Definition simple_graph (E : {set {set 'I_n}}) : Prop :=
  forall e, e \in E -> #|e| = 2.

Definition connected (E : {set {set 'I_n}}) : Prop :=
  forall x y : 'I_n, connect (adj E) x y.

Definition acyclic (E : {set {set 'I_n}}) : Prop :=
  forall c : seq 'I_n, uniq c -> 3 <= size c -> ~~ cycle (adj E) c.

Definition is_tree (E : {set {set 'I_n}}) : Prop :=
  [/\ simple_graph E, connected E & acyclic E].

(* the (unique, in a tree) path from r to v has d edges *)
Definition has_depth (E : {set {set 'I_n}}) (r v : 'I_n) (d : nat) : Prop :=
  exists p : seq 'I_n,
    [/\ path (adj E) r p, last r p = v, uniq (r :: p) & size p = d].

(* triply rooted trees (E, r1, r2, r3) with depth(r2) = i, depth(r3) = j *)
Definition W (i j : nat) :
  {set {set {set 'I_n}} * 'I_n * 'I_n * 'I_n} :=
  [set x | `[< is_tree x.1.1.1 /\ has_depth x.1.1.1 x.1.1.2 x.1.2 i
                              /\ has_depth x.1.1.1 x.1.1.2 x.2 j >] ].
End Trees.

Definition inv_fact (m : int) : rat :=
  match m with Posz k => (k`!%:R)^-1 | Negz _ => 0 end.

Local Open Scope ring_scope.
Definition W_formula (n i j : nat) : rat :=
  \sum_(0 <= d < (minn i j).+1)
     let m : int := n%:Z - i%:Z - j%:Z + d%:Z - 1 in
     (i + j - d + 1)%N%:R * n`!%:R * inv_fact m * (n%:R ^ (m - 1)).

From mathcomp Require Import all_boot all_order all_algebra.
From mathcomp Require Import boolp zify ring.
Set Implicit Arguments. Unset Strict Implicit. Unset Printing Implicit Defensive.

(* Orienting every edge towards the first root turns a tree into a parent function
   [p] with [p r1 = r1] from which every vertex reaches [r1]; depths become
   iteration counts. Let [d] be the depth of the last common ancestor of [r2] and
   [r3]. The two root paths then form a spine of [k = i + j - d + 1] distinct
   vertices whose shape depends only on [i], [j] and [d], and the rest of [p] is a
   functional forest on the other [n - k] vertices with roots in the spine.
   There are [n ^_ k] labellings of the spine and, by the generalized Cayley
   formula, [k * n ^ (n - k - 1)] such forests (one if [k = n]); note that
   [k * n! / (n - k)! * n ^ (n - k - 1)] is exactly the [d]-th summand. *)

Lemma eq_set2 (T : finType) (x y a b : T) : a != b ->
  ([set x; y] == [set a; b]) = (x == a) && (y == b) || (x == b) && (y == a).
Proof.
move=> ab; apply/eqP/idP => [xy_ab|]; last first.
  by case/orP => /andP[/eqP-> /eqP->] //; exact: setUC.
have: [/\ x \in [set a; b], y \in [set a; b], a \in [set x; y] & b \in [set x; y]].
  by rewrite xy_ab !set21 !set22 -xy_ab set21 set22.
case; rewrite !in_set2.
case/orP => /eqP ->; case/orP => /eqP ->; rewrite ?eqxx //= ?orbb ?orbT ?andbT //.
  by move=> _ /eqP ba; rewrite ba eqxx in ab.
by move=> /eqP ab'; rewrite ab' eqxx in ab.
Qed.

Lemma adj_sym m (E : {set {set 'I_m}}) : symmetric (adj E).
Proof. by move=> x y; rewrite /adj setUC. Qed.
_____
The problem: Only the lines from the one containing "by move=> /eqP ab'; rewrite ab' eqxx in ab." through the end of the records above belong in the output, each exactly as it stands, both ends included.

Exercise answer:
by move=> /eqP ab'; rewrite ab' eqxx in ab.
Qed.

Lemma adj_sym m (E : {set {set 'I_m}}) : symmetric (adj E).
Proof. by move=> x y; rewrite /adj setUC. Qed.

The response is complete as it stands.